I know that this is how you communicate with people:

> That should be enough information for you to find out the details yourself. I suggest you take a look at the MicroPython web site.

So, I infer that you are patronizing, arrogant, and high-handed.

> If you had put just half as much effort into articulating exactly what you did and didn't understand

That's one of the several things you don't understand. My question

> Could someone explain the problem being addressed, and the solution, please?

was clear and polite. The fact that you didn't understand it reflects poorly on you. The fact that, given that you didn't understand it, you still chose to make noise reflects even more poorly on you.

> was clear and polite

It was a short open-ended question with no additional context. That is not a clear requirement for an answer. Did you even read the README? Do you know anything about Haskell or embedded systems? You wrote a single sentence then complained when I wrote just a few sentences back. That wasn't polite, so my subsequent response wasn't either.

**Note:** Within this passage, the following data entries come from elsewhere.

(* Let Q(A) be the expected value of f on the matching A extended by an
   independent x-rounding of the edges whose offline endpoint is still free
   in A, so that Q(emptyset) = F(x).  In each round MMP-ALG proposes an edge
   e with probability x_e / T and takes it if its endpoint is free.
   Submodularity bounds the expected one-round gain of f below by
   (Q(A) - f(A)) / T, and the capacities sum_{e in E(u)} x_e <= 1 make Q
   nondecreasing in expectation.  Hence, with beta_k = 1 - (1 - 1/T)^k, the
   expected value of k remaining rounds from A is at least
   (1 - beta_k) f(A) + beta_k Q(A), and
   E[ALG] >= beta_T F(x) >= (1 - 1/e) F(x) >= (1 - 1/e)^2 E[OPT]. *)

Lemma foldl_map (T1 T2 S : Type) (g : S -> T2 -> S) (h : T1 -> T2) z s :
  foldl g z (map h s) = foldl (fun z t => g z (h t)) z s.
Proof. by elim: s z => //= t s IH z; rewrite IH. Qed.

Lemma eq_foldl (T S : Type) (g1 g2 : S -> T -> S) :
  (forall z t, g1 z t = g2 z t) -> forall z s, foldl g1 z s = foldl g2 z s.
Proof. by move=> eq_g z s; elim: s z => //= t s IH z; rewrite eq_g IH. Qed.

Lemma sum_option (R : nmodType) (X : finType) (F : option X -> R) :
  \sum_a F a = F None + \sum_v F (Some v).
Proof.
rewrite (bigD1 None) //=; congr (_ + _).
rewrite (reindex_omap Some id) //=; last by case.
by apply: eq_bigl => v; rewrite eqxx.
Qed.

Definition ffun_cons (X : Type) k (a : X) (s : {ffun 'I_k -> X}) : {ffun 'I_k.+1 -> X} :=
  [ffun i => if unlift ord0 i is Some j then s j else a].

Lemma ffun_cons0 (X : Type) k a (s : {ffun 'I_k -> X}) : ffun_cons a s ord0 = a.
Proof. by rewrite ffunE unlift_none. Qed.

Lemma ffun_consS (X : Type) k a (s : {ffun 'I_k -> X}) j : ffun_cons a s (lift ord0 j) = s j.
Proof. by rewrite ffunE liftK. Qed.

Lemma sum_ffun_ordS (R : nmodType) (X : finType) k (G : {ffun 'I_k.+1 -> X} -> R) :
  \sum_s G s = \sum_a \sum_(s : {ffun 'I_k -> X}) G (ffun_cons a s).
Proof.
rewrite pair_big (reindex (fun p : X * {ffun 'I_k -> X} => ffun_cons p.1 p.2)) //=.
exists (fun s : {ffun 'I_k.+1 -> X} => (s ord0, [ffun j => s (lift ord0 j)])).
  move=> [a s] _ /=; rewrite ffun_cons0; congr pair; apply/ffunP => j.
  by rewrite ffunE ffun_consS.
move=> s _; apply/ffunP => i; rewrite ffunE.
by case: unliftP => [j ->|->]; rewrite ?ffunE.
Qed.

Lemma sum_ffun_ord0 (R : nmodType) (X : finType) (G : {ffun 'I_0 -> X} -> R) s0 :
  \sum_s G s = G s0.
Proof.
rewrite (eq_bigr (fun _ => G s0)) => [|s _]; last by congr G; apply/ffunP => -[].
by rewrite sumr_const card_ffun card_ord expn0.
Qed.

Lemma submod_setU_le (R : realDomainType) (T : finType) (f : {set T} -> R) :
  (forall A B, f (A :|: B) + f (A :&: B) <= f A + f B) ->
  forall B C : {set T}, f (B :|: C) <= f B + \sum_(e in C) (f (e |: B) - f B).
Proof.
move=> fsub B C; rewrite -big_enum -{1}(set_enum C).
elim: (enum C) (enum_uniq C) => [|e s IH] /=.
  by rewrite big_nil set_nil setU0 addr0.
case/andP=> es /IH {}IH; rewrite set_cons big_cons.
have := fsub (B :|: [set i in s]) (e |: B).
have -> : (B :|: [set i in s]) :|: (e |: B) = B :|: (e |: [set i in s]).
  by apply/setP => i; rewrite !inE; case: (i \in B); rewrite /= ?orbT // orbF orbC.
have -> : (B :|: [set i in s]) :&: (e |: B) = B.
  apply/setP => i; rewrite !inE; case: (i =P e) => [->|_] /=.
    by rewrite (negbTE es); case: (e \in B).
  by case: (i \in B); rewrite ?andbF.
lra.
Qed.

Section MultilinearExpectation.
Variables (R : realType) (Ed : finType) (x : Ed -> R).

Definition rounding_weight (S : {set Ed}) : R :=
  \prod_i (if i \in S then x i else 1 - x i).

Lemma multilinearE (g : {set Ed} -> R) :
  multilinear g x = \sum_S rounding_weight S * g S.
Proof.
apply: eq_bigr => S _; congr (_ * _).
rewrite /rounding_weight [RHS](bigID (mem S)) /=; congr (_ * _).
  by apply: eq_bigr => i ->.
rewrite [LHS](eq_bigl (fun i => i \notin S)) => [|i]; last by rewrite in_setC.
by apply: eq_bigr => i /negbTE ->.
Qed.

Lemma eq_multilinear (g h : {set Ed} -> R) :
  (forall S, g S = h S) -> multilinear g x = multilinear h x.
Proof. by move=> gh; apply: eq_bigr => S _; rewrite gh. Qed.

Lemma multilinear_cst c : multilinear (fun _ => c) x = c.
Proof.
rewrite multilinearE -mulr_suml /rounding_weight.
rewrite -(@bigA_distr R 0 1 *%R +%R Ed x (fun i => 1 - x i)) big1 ?mul1r // => i _.
by rewrite /= subrKC.
Qed.

Lemma multilinearD (g h : {set Ed} -> R) :
  multilinear (fun S => g S + h S) x = multilinear g x + multilinear h x.
Proof. by rewrite !multilinearE -big_split; apply: eq_bigr => S _; rewrite mulrDr. Qed.

Lemma multilinear_sum (I : finType) (P : pred I) (g : I -> {set Ed} -> R) :
  multilinear (fun S => \sum_(i | P i) g i S) x = \sum_(i | P i) multilinear (g i) x.
Proof.
rewrite multilinearE; under eq_bigr do rewrite mulr_sumr.
by rewrite exchange_big; apply: eq_bigr => i _; rewrite multilinearE.
Qed.

Lemma rounding_weight_setU1 e (S : {set Ed}) : e \notin S ->
  x e * rounding_weight S = (1 - x e) * rounding_weight (e |: S).
Proof.
move=> eS; rewrite /rounding_weight (bigD1 e) //= (bigD1 e (P := predT)) //=.
rewrite (negbTE eS) setU11 mulrCA; congr (_ * (_ * _)).
by apply: eq_bigr => i ie; rewrite in_setU1 (negbTE ie).
Qed.

Lemma multilinear_mem e (g : {set Ed} -> R) :
  multilinear (fun S => (e \in S)%:R * g S) x = x e * multilinear (fun S => g (e |: S)) x.
Proof.
pose P := fun S : {set Ed} => e \in S.
rewrite !multilinearE mulr_sumr (bigID P) [RHS](bigID P) /= {}/P.
rewrite [X in _ + X]big1 ?addr0; last by move=> S /negbTE->; rewrite mul0r mulr0.
have -> : \sum_(S : {set Ed} | e \notin S) x e * (rounding_weight S * g (e |: S)) =
          \sum_(S : {set Ed} | e \in S) (1 - x e) * (rounding_weight S * g S).
  rewrite (reindex_onto (fun S => S :\ e) (fun S => e |: S)) /= => [|S eS]; last first.
    by rewrite setU1K.
  apply: eq_big => [S|S /andP[_ /eqP eS]].
    by rewrite setD11 /=; apply/eqP/idP => [<-|eS]; [exact: setU11 | exact: setD1K].
  by rewrite eS mulrA rounding_weight_setU1 ?setD11 // eS mulrA.
rewrite -big_split; apply: eq_bigr => S eS /=.
by rewrite eS mul1r (setUidPr _) ?sub1set // -mulrDl subrKC mul1r.
Qed.

Hypothesis x01 : forall e, 0 <= x e <= 1.

Lemma rounding_weight_ge0 S : 0 <= rounding_weight S.
Proof.
apply: prodr_ge0 => i _; have /andP[x0 x1] := x01 i.
by case: (i \in S); rewrite ?subr_ge0.
Qed.

Lemma ler_multilinear (g h : {set Ed} -> R) :
  (forall S, g S <= h S) -> multilinear g x <= multilinear h x.
Proof.
move=> gh; rewrite !multilinearE; apply: ler_sum => S _.
by apply: ler_wpM2l; [exact: rounding_weight_ge0 | exact: gh].
Qed.

Lemma multilinear_ge0 (g : {set Ed} -> R) :
  (forall S, 0 <= g S) -> 0 <= multilinear g x.
Proof. by move=> g0; rewrite -(multilinear_cst 0); apply: ler_multilinear. Qed.

End MultilinearExpectation.

Section Potential.
Variables (R : realType) (U Ed : finType) (eu : Ed -> U).
Variables (f : {set Ed} -> R) (x : Ed -> R).

Definition uncovered (A : {set Ed}) (u : U) : bool := [forall e in A, eu e != u].

Definition augment (A : {set Ed}) (e : Ed) : {set Ed} :=
  if uncovered A (eu e) then e |: A else A.

Definition potential (A : {set Ed}) : R :=
  multilinear (fun S => f (A :|: [set e in S | uncovered A (eu e)])) x.

Lemma uncovered_setU1 e A u : uncovered (e |: A) u = (eu e != u) && uncovered A u.
Proof.
apply/forall_inP/andP => [Hu|[eu_u /forall_inP Hu] i /setU1P[->|/Hu]] //.
split; first exact: Hu (setU11 _ _).
by apply/forall_inP => i iA; apply: Hu; rewrite setU1r.
Qed.

Lemma potential0 : potential set0 = multilinear f x.
Proof.
apply: eq_multilinear => S; congr f; apply/setP => e.
by rewrite set0U inE andb_idr // => _; apply/forall_inP => i; rewrite inE.
Qed.

Hypothesis hf : monotone_submodular f.
Hypothesis x01 : forall e, 0 <= x e <= 1.
Hypothesis cap_u : forall u, \sum_(e | eu e == u) x e <= 1.

Let f_mono (A B : {set Ed}) : A \subset B -> f A <= f B.
Proof. by case: hf => _ _ + _; apply. Qed.

Let f_submod (B C : {set Ed}) :
  f (B :|: C) <= f B + \sum_(e in C) (f (e |: B) - f B).
Proof. by case: hf => _ _ _ fsub; apply: submod_setU_le. Qed.

Lemma potential_sub_le A :
  potential A - f A <= \sum_e x e * (f (augment A e) - f A).
Proof.
have -> : potential A - f A =
    multilinear (fun S => f (A :|: [set e in S | uncovered A (eu e)]) + - f A) x.
  by rewrite multilinearD multilinear_cst.
set gain := fun e => f (augment A e) - f A.
have -> : \sum_e x e * gain e = multilinear (fun S => \sum_e (e \in S)%:R * gain e) x.
  by rewrite multilinear_sum; apply: eq_bigr => e _; rewrite multilinear_mem multilinear_cst.
apply: ler_multilinear => // S; rewrite lerBlDl (le_trans (f_submod _ _)) // lerD2l.
rewrite big_mkcond /=; apply: ler_sum => e _; rewrite !inE /gain /augment.
by case: (e \in S); case: (uncovered A (eu e)); rewrite ?mul1r ?mul0r ?subrr.
Qed.

Section AtVertex.
Variables (A : {set Ed}) (u : U).
Hypothesis Au : uncovered A u.

(* The rounded edges that Q(A) and Q(e |: A) share, for every e in E(u). *)
Let base (S : {set Ed}) := A :|: [set i in S | uncovered A (eu i) && (eu i != u)].
Let gain e S := f (e |: base S) - f (base S).

Lemma potential_le_base :
  potential A <= multilinear (f \o base) x + \sum_(e | eu e == u) x e * multilinear (gain e) x.
Proof.
have baseU1 e S : eu e == u -> base (e |: S) = base S.
  move=> /eqP eu_u; apply/setP => i; rewrite !inE.
  by case: (i =P e) => [->|] //=; rewrite eu_u eqxx !andbF.
have -> : \sum_(e | eu e == u) x e * multilinear (gain e) x =
    multilinear (fun S => \sum_(e | eu e == u) (e \in S)%:R * gain e S) x.
  rewrite multilinear_sum; apply: eq_bigr => e eu_u; rewrite multilinear_mem.
  by congr (_ * _); apply: eq_multilinear => S; rewrite /gain baseU1.
rewrite -multilinearD; apply: ler_multilinear => // S.
have -> : A :|: [set e in S | uncovered A (eu e)] = base S :|: [set e in S | eu e == u].
  apply/setP => i; rewrite !inE; case: eqVneq => [->|_]; rewrite ?Au;
  by case: (i \in A); case: (i \in S); case: (uncovered A (eu i)).
rewrite (le_trans (f_submod _ _)) // lerD2l big_mkcond [leRHS]big_mkcond /=.
apply: ler_sum => e _; rewrite inE.
by case: (e \in S); case: (eu e == u); rewrite ?mul1r ?mul0r.
Qed.

Lemma potential_augment_base e : eu e = u ->
  potential (e |: A) = multilinear (f \o base) x + multilinear (gain e) x.
Proof.
move=> eu_u; rewrite -multilinearD; apply: eq_multilinear => S /=.
rewrite /gain addrC subrK; congr f; apply/setP => i.
rewrite !inE uncovered_setU1 eu_u; case: (i =P e) => [->|_] //=.
by case: (uncovered A (eu i)); rewrite ?andbF //= andbT eq_sym.
Qed.

Lemma potential_augment_at_ge0 :
  0 <= \sum_(e | eu e == u) x e * (potential (e |: A) - potential A).
Proof.
set K := \sum_(e | eu e == u) x e * multilinear (gain e) x.
have K_ge0 : 0 <= K.
  apply: sumr_ge0 => e _; apply: mulr_ge0; first by case/andP: (x01 e).
  by apply: multilinear_ge0 => // S; rewrite subr_ge0 f_mono ?subsetUr.
apply: le_trans (_ : \sum_(e | eu e == u) x e * (multilinear (gain e) x - K) <= _).
  rewrite (eq_bigr _ (fun e _ => mulrBr _ _ _)) sumrB -mulr_suml -/K.
  by rewrite subr_ge0 ler_piMl ?cap_u.
apply: ler_sum => e /eqP eu_u; apply: ler_wpM2l; first by case/andP: (x01 e).
by rewrite potential_augment_base //; have := potential_le_base; rewrite -/K; lra.
Qed.

End AtVertex.

Lemma potential_augment_ge0 A :
  0 <= \sum_e x e * (potential (augment A e) - potential A).
Proof.
rewrite (partition_big eu xpredT) //=; apply: sumr_ge0 => u _.
have [Au|Au] := boolP (uncovered A u).
  rewrite (eq_bigr (fun e => x e * (potential (e |: A) - potential A))).
    exact: potential_augment_at_ge0.
  by move=> e /eqP eu_u; rewrite /augment eu_u Au.
by rewrite big1 // => e /eqP eu_u; rewrite /augment eu_u (negbTE Au) subrr mulr0.
Qed.

End Potential.

Section Algorithm.
Variables (R : realType) (U V Ed : finType) (eu : Ed -> U) (ev : Ed -> V).
Variables (T : nat) (p : V -> R) (f : {set Ed} -> R) (x : Ed -> R).

Definition step_prob (a : option V) (c : option Ed) : R :=
  arrival_prob p a * sample_prob ev T p x a c.

Definition alg_value (k : nat) (A : {set Ed}) : R :=
  \sum_(s : {ffun 'I_k -> option V}) \sum_(c : {ffun 'I_k -> option Ed})
    (\prod_(t < k) step_prob (s t) (c t)) *
      f (foldl (fun M t => alg_step eu ev M (s t) (c t)) A (enum 'I_k)).

Definition mean_next (G : {set Ed} -> R) (A : {set Ed}) : R :=
  G A + \sum_e x e / T%:R * (G (augment eu A e) - G A).

Lemma E_ALG_alg_value : E_ALG eu ev f T p x = alg_value T set0.
Proof. by []. Qed.

Lemma alg_value0 A : alg_value 0 A = f A.
Proof.
rewrite /alg_value (sum_ffun_ord0 _ [ffun=> None]) (sum_ffun_ord0 _ [ffun=> None]).
by rewrite big_ord0 mul1r enum_ord0.
Qed.

Lemma alg_value_step k A : alg_value k.+1 A =
  \sum_a \sum_c step_prob a c * alg_value k (alg_step eu ev A a c).
Proof.
rewrite /alg_value sum_ffun_ordS; apply: eq_bigr => a _.
under eq_bigr do rewrite sum_ffun_ordS.
rewrite exchange_big /=; apply: eq_bigr => c0 _.
rewrite mulr_sumr; apply: eq_bigr => s _; rewrite mulr_sumr; apply: eq_bigr => c _.
rewrite big_ord_recl !ffun_cons0 mulrA; congr (_ * _ * f _).
  by apply: eq_bigr => i _; rewrite !ffun_consS.
rewrite enum_ordSl /= !ffun_cons0 foldl_map.
by apply: eq_foldl => M t; rewrite !ffun_consS.
Qed.

Hypothesis x_ge0 : forall e, 0 <= x e.
Hypothesis cap_v : forall v, \sum_(e | ev e == v) x e <= T%:R * p v.

(* If T p_v = 0 then the capacity of v forces x_e = 0, so the junk value
   x_e / 0 = 0 of the sampling probability is harmless. *)
Lemma mul_sample_prob v e : ev e = v -> p v * (x e / (T%:R * p v)) = x e / T%:R.
Proof.
move=> ev_e; have [Tp0|Tp0] := eqVneq (T%:R * p v) 0.
  suff -> : x e = 0 by rewrite !mul0r mulr0.
  apply/eqP; rewrite eq_le x_ge0 andbT -Tp0 (le_trans _ (cap_v v)) //.
  by rewrite (bigD1 e) ?ev_e //= lerDl sumr_ge0.
by move: Tp0; rewrite mulf_eq0 negb_or => /andP[T0 p0]; field; rewrite T0 p0.
Qed.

Why do you think it necessarily addresses a problem? It's just a fun project. If someone finds it useful, so much the better.
Ah I just meant "the problem" in an academic sense. I.e. what is the thing which it is trying to do.
The thing that it is trying to do is to be a fun thing for me to hack on. This includes running it on microcontrollers, which is not easy with THC.
Thanks! What is it about your implementation that makes it more suitable for running on microcontrollers than GHC?
The runtime system is small and has very few dependencies. Binaries are quite small (when compressed).